Violence Against Women and Girls (VAWG) occurs all over the world. According to the UN Women, one in three women are estimated to have experienced violence during their life time. VAWG is widely underreported often times, both in normal and emergency stages — the ongoing COVID-19 pandemic, (herein after referred to as “COVID”) has worsened the situation and the reporting of it. As of World Health Organization (WHO) and the UN Women, in comparison, women and girls are more vulnerable due to Covid-19 lock down. UN Women reported that due to the COVID, calls to domestic violence helpline centers and reports to police and shelter homes have increased tremendously.
VAWG is a big concern in Nepal even before COVID, but it has worsened after the lock-down measures or quarantines. Confinement of the family members within the house, restricted movement and social isolation have led to the limited access to peer support. Family economic situation is also weakened due to the loss of jobs and regular incomes. Stress has increased within the family members due to some starting to work from home or due to those with loss of jobs and nothing much to do. This has exacerbated VAWG —especially those who are with an abusive partners.

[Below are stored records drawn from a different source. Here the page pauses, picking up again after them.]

(* Let $x\in\mathbb{R}_+^n$ and let $\mathrm{IC}(\mathbf{a}_0,\dots,\mathbf{a}_{n-1})$ be an interval circulant matrix. Then $x\in\mathrm{Attr}(A)$ for all $A\in\mathrm{IC}(\mathbf{a}_0,\dots,\mathbf{a}_{n-1})$ if and only if $x\in\mathrm{Attr}(A^{(k)})$ for each $k\in\{0,\dots,n-1\}$.
   Context: Max algebra on $\mathbb{R}_+$: $\oplus=\max$, ordinary product; $\lambda(A)$ greatest max-algebraic eigenvalue (maximum cycle geometric mean); $\mathrm{Attr}(A)=\{x\in\mathbb{R}_+^n: A^{t+1}\otimes x=\lambda(A)A^t\otimes x\text{ for some }t\ge0\}$. $\mathrm{Circ}(a_0,\dots,a_{n-1})$ has entries $A_{i,j}=a_t$, $t\equiv j-i\pmod n$; $\mathrm{IC}(\mathbf{a}_0,\dots,\mathbf{a}_{n-1})$ is the set of all $\mathrm{Circ}(a_0,\dots,a_{n-1})$ with $a_t\in\mathbf{a}_t$, each $\mathbf{a}_t\subseteq\mathbb{R}_+$ a nonempty interval of one of the forms $[\underline{a}_t,\overline{a}_t]$, $(\underline{a}_t,\overline{a}_t)$, $(\underline{a}_t,\overline{a}_t]$, $[\underline{a}_t,\overline{a}_t)$. $A^{(k)}=\mathrm{Circ}(\underline{a}_0,\dots,\underline{a}_{k-1},\overline{a}_k,\underline{a}_{k+1},\dots,\underline{a}_{n-1})$. *)

From HB Require Import structures.
From mathcomp Require Import all_boot all_order all_algebra.
Set Implicit Arguments. Unset Strict Implicit. Unset Printing Implicit Defensive.
Import Order.TTheory GRing.Theory Num.Theory.
Local Open Scope ring_scope.

Section MaxAlg.
Variable R : rcfType.

Fact rootr_subproof (k : nat) (x : R) :
  exists y : R, (0 <= y) && (if 0 <= x then y ^+ k.+1 == x else y == 0).
Proof.
case x_ge0: (0 <= x); last by exists 0; rewrite lexx eqxx.
have le0x1: 0 <= x + 1 by rewrite addr_ge0.
have [|y /andP[y_ge0 _]] := @poly_ivt R ('X ^+ k.+1 - x%:P) 0 (x + 1) le0x1.
  rewrite !hornerE expr0n /= sub0r oppr_le0 x_ge0 /= subr_ge0.
  have h1 : 1 <= x + 1 by rewrite lerDr.
  have h3 : x + 1 <= (x + 1) ^+ k.+1.
    have := exprn_ege1 k h1; rewrite exprS => h2.
    by apply: (le_trans _ (ler_wpM2l le0x1 h2)); rewrite mulr1.
  by apply: le_trans h3; rewrite lerDl.
rewrite rootE !hornerE subr_eq0 => hy; exists y; by rewrite y_ge0.
Qed.

(* rootr k x = the nonnegative (k+1)-th root of x (0 if x < 0) *)
Definition rootr (k : nat) (x : R) : R := xchoose (rootr_subproof k x).

Definition mmul n (A B : 'M[R]_n) : 'M[R]_n :=
  \matrix_(i, j) \big[Num.max/0]_(l < n) (A i l * B l j).
Definition mmulv n (A : 'M[R]_n) (x : 'cV[R]_n) : 'cV[R]_n :=
  \col_i \big[Num.max/0]_(j < n) (A i j * x j 0).
Definition mpow n (A : 'M[R]_n) (t : nat) : 'M[R]_n := iter t (mmul A) 1%:M.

According to the UNFPA report, “for every 3 months the lock down continues, an additional 15 million cases of gender-based violence are expected”. As reported by the UN, a 24 hour helpline service (calling 1145 to report the violence) run by Nepal’s National Women Commission (NWC) reported that calls related to domestic violence after COVID lockdown has doubled. However, due to the movement restrictions, women are not able to report on time for a help or an escape. Even if they are able to help, the support systems (police, health service, judicial, civil society organizations) also have difficulty in providing the first-hand immediate support; firstly due to their lock-down situation and secondly their priority have shifted now due to COVID.

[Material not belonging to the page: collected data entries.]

Lemma limit_map_edge u v : E u v -> E (limit_map u) (limit_map v).
Proof.
have [[_ [cE _ _]] _ _ _] := HF.
move=> Euv; apply: (closed_rel_ball_approx cE) => e e0.
have [n /ltW ne] := exists_eps_lt e0.
have [_ _ _ [_ [[phi_edge _ _] _]] _] := sq_ok n.+1.
have [a [b [Va Vb Eab ha hb]]] := stage_lift_edge HF (sq_ok n.+1) (phi_edge _ _ Euv).
exists a, b; split => //; apply: (le_ball ne).
- exact: fibre_ball (limit_mapP u n.+1) (conj Va ha) erefl.
- exact: fibre_ball (limit_mapP v n.+1) (conj Vb hb) erefl.
Qed.

Lemma limit_map_edge_onto a b : V a -> V b -> E a b ->
  exists u v, [/\ E u v, limit_map u = a & limit_map v = b].
Proof.
have [[_ [cE _ _]] _ _ _] := HF.
rewrite -limit_map_image => -[t _ <-] [t' _ <-] Ett'.
exists t, t'; split => //; apply: (closed_rel_ball_approx cE) => e e0.
have [n /ltW ne] := exists_eps_lt e0.
have [_ [_ [[Psi_edge _ _] _]] _ [_ [[_ _ phi_lift] _]] [_ ED_iota _]] := sq_ok n.+1.
have := Psi_edge _ _ Ett'.
rewrite (fibre_Psi (limit_mapP t n.+1)) (fibre_Psi (limit_mapP t' n.+1)) -ED_iota.
move=> /phi_lift [u [v [Euv hu hv]]].
by exists u, v; split => //; apply: (le_ball ne); apply: sq_mesh_phi; rewrite ?hu ?hv.
Qed.

Lemma limit_map_iso : iso_onto_subgraph E V.
Proof.
exists limit_map; split.
- exact: limit_map_continuous.
- exact: limit_map_injective.
- exact: limit_map_image.
- exact: limit_map_edge.
- exact: limit_map_edge_onto.
Qed.

End LimitMap.

Lemma stage_sequence {R : realType} {T : pseudoMetricType R} (E : T -> T -> Prop)
  (V : set T) (x0 : T) (st0 : stage T) :
  is_Fraisse_limit E -> V x0 -> stage_ok E V st0 ->
  exists sq : nat -> stage T,
    [/\ forall n, stage_ok E V (sq n), forall n, refines (sq n) (sq n.+1),
        forall n, mesh_Psi V (sq n.+1) (eps n) & forall n, mesh_phi (sq n.+1) (eps n)].
Proof.
move=> HF Vx0 ok0.
have step (p : stage T * nat) : exists st', stage_ok E V p.1 ->
    [/\ stage_ok E V st', refines p.1 st', mesh_Psi V st' (eps p.2)
      & mesh_phi st' (eps p.2)].
  case: p => st n; have [ok|nok] := pselect (stage_ok E V st); last by exists st => /nok.
  have [st1 [ok1 ref1 m1]] := refine_mesh_phi HF ok (eps_gt0 n).
  have [st2 [ok2 ref2 m2]] := refine_mesh_Psi HF ok1 (eps_gt0 n) Vx0.
  exists st2 => _; split => //; first exact: refines_trans ref1 ref2.
  exact: refines_mesh_phi ok1 ref2 m1.
have [next hnext] := choice step.
pose sq := fix sq n := if n is n'.+1 then next (sq n', n') else st0.
have ok n : stage_ok E V (sq n).
  by elim: n => [|n IH] //=; have [] := hnext (sq n, n) IH.
by exists sq; split => n; have [] := hnext (sq n, n) (ok n).
Qed.

Lemma unit_graph : fin_conn_graph (fun _ _ : unit => true).
Proof.
split => //; first by rewrite card_unit.
move=> /gdisconnectedP [P [Q [sp [[] Pt] [[] Qt]]]].
exact: gseparation_disj sp Pt Qt.
Qed.

Lemma conf_epi_fin_unit {T : topologicalType} (E : T -> T -> Prop) x :
  E x x -> conf_epi_fin E (fun _ _ : unit => true) (fun _ : T => tt).
Proof.
move=> Exx; split.
  move=> []; suff -> : (fun _ : T => tt) @^-1` [set tt] = setT by exact: openT.
  by apply/seteqP; split.
apply: confluent_of_neq0; first by split => // [[]|[] []]; [exists x | exists x, x].
move=> Q _ L [LQ _ _] [t Lt].
by apply/seteqP; split => [[] _|[] _]; [apply: (LQ t) | exists t].
Qed.

Lemma initial_stage_ok {R : realType} {T : pseudoMetricType R} (E : T -> T -> Prop)
  (A : finType) (EA : rel A) (f : T -> A) x :
  (forall x, E x x) -> fin_conn_graph EA -> conf_epi_fin E EA f ->
  stage_ok E (gcomp closed E (f @^-1` [set f x]) x)
    (Stage EA f (fun _ _ : unit => true) (fun _ => f x) (fun _ => tt)).
Proof.
move=> E_refl gA cf; split => //=.
- exact: unit_graph.
- exact: (conf_epi_fin_unit (E_refl x)).
split => //=; first by move=> [] [].
  by move=> [] []; have [_ reflA _ _] := gA; rewrite reflA.
have -> : f @^-1` range (fun _ : unit => f x) = f @^-1` [set f x].
  by apply/seteqP; split => t /= [] //; exists tt.
exact: gcomponent_gcomp.
Qed.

As a way forward, under the COVID (pandemic) response plan, the control and management of VAWG needs to be prioritized. The helpline support shelters should be immediately accessible to those in need without disruption. Public awareness in terms of VAWG should be made from different platforms such as mass media mobilization or widespread dissemination of digital platforms including the strict implementation of the rules and regulations to penalize the perpetrators. Preventive measures should be more of a bottom-up approach such as mobilization of mother or sister’s groups to prevent the violence. As a top-down approach, Nepal’s government, now being federal, should also pay special attention to monitor, prevent and manage VAWG.